The instructions for what I was doing came from here.

http://www.zabbo.net/maestro3/

So far I have not add any luck trying to get sound to work.  Has anyone else had luck with maestro3, or dell laptops using this sound device?

Thanks,

Protege

----------

## kybber

I am using a Latitude C810 with the Maestro3 and it works just fine!

I assume you have read the desktop configuration guide http://www.gentoo.org/doc/en/desktop.xml#doc_chap3 ?

There is no need to compile the kernel with support for maestro3 since alsa provides its own driver called snd-maestro3. Simply exchange all instances of snd-emu10k1 in the desktop config guide with snd-maestro3, and it should work.

----------

## protege

Ah, I didn't even see that.  Thanks for pointing that out to me   :Very Happy:  .  That should make things a whole lot easier.  

Protege

----------

## kybber

No problem  :Smile: . Just one more thing: For some reason alsa cannot be added with rc-update, so I added alsasound instead (Yeah, I'm a Linux newbie. All I know is that alsa resides in /etc/modules.d/ whereas alsasound is in /etc/init.d/). Alsasound needs to be added to the boot runlevel instead of default, so the syntax for rc-update becomes:

rc-update add alsasound boot

At least this works for me. Got sound in KDE as well as in console.
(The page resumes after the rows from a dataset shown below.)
(* Let $\lambda$ be a partition of $n$. Every connected component of the graph $\mathcal A_\lambda$ contains a reverse row superstandard tabloid and a column superstandard tabloid.
   Context: Fix $n\ge1$; $\overline i=i+n\mathbb Z$, $[\overline n]=\{\overline1,\dots,\overline n\}$. A tabloid of shape $\lambda$ is a sequence $(T_1,\dots,T_k)$, $k=\ell(\lambda)$, of pairwise disjoint subsets of $[\overline n]$ with $|T_r|=\lambda_r$ and union $[\overline n]$ (row 1 highest). $\tau(T)=\{\overline i:\overline i\text{ lies in a strictly higher row than }\overline{i+1}\}$. $T,T'$ are connected by a Knuth move if $T'$ is obtained from $T$ by exchanging $\overline i$ and $\overline{i+1}$ for some $i$ and neither of $\tau(T),\tau(T')$ contains the other; $\mathcal A_\lambda$ is the graph on tabloids of shape $\lambda$ with these edges. For $i\in\mathbb Z$, the reverse row superstandard tabloid of shape $\lambda$ with start $i$ has last row $T_k=\{\overline i,\overline{i+1},\dots,\overline{i+\lambda_k-1}\}$, next row $T_{k-1}=\{\overline{i+\lambda_k},\dots,\overline{i+\lambda_k+\lambda_{k-1}-1}\}$, and so on upward. The column superstandard tabloid of shape $\lambda$ with start $i$ is obtained by filling the columns of the Young diagram of $\lambda$, left to right and each from top to bottom, with consecutive entries $\overline i,\overline{i+1},\overline{i+2},\dots$, and then taking $T_r$ to be the set of entries in row $r$. *)

From Stdlib Require Import Relations.
From mathcomp Require Import all_boot.
Set Implicit Arguments. Unset Strict Implicit. Unset Printing Implicit Defensive.

(* The residues [n̄] = {1̄,...,n̄} are represented by 'I_n (x : 'I_n stands
   for the class val x + nZ).  An integer k (here a nat) denotes the class
   k mod n. *)

Definition memb {n : nat} (A : {set 'I_n}) (k : nat) : bool :=
  [exists x in A, val x == k %% n].

Definition classes_of (n : nat) (s : seq nat) : {set 'I_n} :=
  [set x : 'I_n | has (fun k => val x == k %% n) s].

Definition is_partition (lam : seq nat) (n : nat) : bool :=
  [&& sorted geq lam, all (fun l => 0 < l) lam & sumn lam == n].

(* A tabloid (T_1,...,T_k) is a seq of sets; row r (1-based) is nth set0 T (r-1);
   row 1 (index 0) is the highest. *)
Definition is_tabloid {n : nat} (lam : seq nat) (T : seq {set 'I_n}) : Prop :=
  [/\ size T = size lam,
      (forall r, r < size T -> #|nth set0 T r| = nth 0 lam r),
      (forall r s, r < size T -> s < size T -> r != s ->
         [disjoint nth set0 T r & nth set0 T s]) &
      \bigcup_(A <- T) A = [set: 'I_n]].

Definition rowof {n : nat} (T : seq {set 'I_n}) (k : nat) : nat :=
  find (fun A => memb A k) T.

Definition tau {n : nat} (T : seq {set 'I_n}) : {set 'I_n} :=
  [set x : 'I_n | rowof T (val x) < rowof T (val x).+1].

(* transposition of the classes ī and (i+1)‾, as a map on representatives *)
Definition swapn (n i : nat) (x : nat) : nat :=
  if x %% n == i %% n then i.+1
  else if x %% n == i.+1 %% n then i else x.

Definition exchange {n : nat} (i : nat) (T : seq {set 'I_n}) : seq {set 'I_n} :=
  [seq [set x : 'I_n | memb A (swapn n i (val x))] | A <- T].

Definition knuth_move {n : nat} (T T' : seq {set 'I_n}) : Prop :=
  exists i : nat, T' = exchange i T /\
    ~~ (tau T \subset tau T') /\ ~~ (tau T' \subset tau T).

Definition A_edge (n : nat) (lam : seq nat) (T T' : seq {set 'I_n}) : Prop :=
  [/\ is_tabloid lam T, is_tabloid lam T' & knuth_move T T'].

Definition A_connected (n : nat) (lam : seq nat) (T T' : seq {set 'I_n}) : Prop :=
  clos_refl_sym_trans _ (@A_edge n lam) T T'.

Definition rev_row_superstandard (n : nat) (lam : seq nat) (i : nat) : seq {set 'I_n} :=
  mkseq (fun r => classes_of n (iota (i + sumn (drop r.+1 lam)) (nth 0 lam r)))
        (size lam).

(* column superstandard tabloid of shape λ with start i: the cell in row r,
   column c (0-based) receives i + (#cells in columns < c) + r, where the
   number of cells in columns < c is Σ_j min(λ_j, c). *)
Definition col_superstandard (n : nat) (lam : seq nat) (i : nat) : seq {set 'I_n} :=
  mkseq (fun r => classes_of n
          [seq i + sumn [seq minn l c | l <- lam] + r | c <- iota 0 (nth 0 lam r)])
        (size lam).

From Stdlib Require Import Relations.
From mathcomp Require Import all_boot zify.
Set Implicit Arguments. Unset Strict Implicit. Unset Printing Implicit Defensive.

(* Read a tabloid T through a window of n consecutive residues: its word at p
   lists the rows of p̄, (p+1)‾, ..., (p+n-1)‾.  Exchanging two residues inside
   the window swaps two adjacent letters of the word, and it is a Knuth move
   whenever a neighbouring letter lies between them in the right way; moving the
   window by one step rotates the word.  With these operations the word can be
   sorted into weakly decreasing order: keep a weakly decreasing prefix; if the
   next letter x exceeds its predecessor, carry x leftwards to just after the
   first letter y < x, carry y to the front and rotate it out of the window.
   Either the prefix grows or its sum increases, so this terminates, and a
   tabloid whose word at q is weakly decreasing is the reverse row superstandard
   tabloid with start q.  The moves used depend only on the word, and the column
   superstandard tabloid with start s has at s the same word for every s, so a
   suitable start connects it to any prescribed reverse row superstandard
   tabloid. *)

Section Residues.
Variable n : nat.
Hypothesis n_gt0 : 0 < n.
Implicit Types (A : {set 'I_n}) (T : seq {set 'I_n}).

Definition residue (k : nat) : 'I_n := Ordinal (ltn_pmod k n_gt0).

Lemma residue_val (x : 'I_n) : residue x = x.
Proof. by apply: val_inj; rewrite /= modn_small. Qed.

Lemma residue_mod k : residue (k %% n) = residue k.
Proof. by apply: val_inj; rewrite /= modn_mod. Qed.

Lemma residue_addI q t t' : t < n -> t' < n -> residue (q + t) = residue (q + t') -> t = t'.
Proof. by move=> lt_t lt_t' /(congr1 val) /eqP; rewrite /= eqn_modDl !modn_small // => /eqP. Qed.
//This message has been edited//

----------

## jadenjahner

I have the maestro3 on my Dell Inspiron also, and I merely compiled the maestro3 module. I don't use alsa, just the module. Works fine for me.

----------

## frippz

I tried to swap the emu10k1 for snd-maestro3, but it didn't work. I then took a chance and tried with only maestro3 and now the alsa-driver started to compile.

A bit weird, is it not?

----------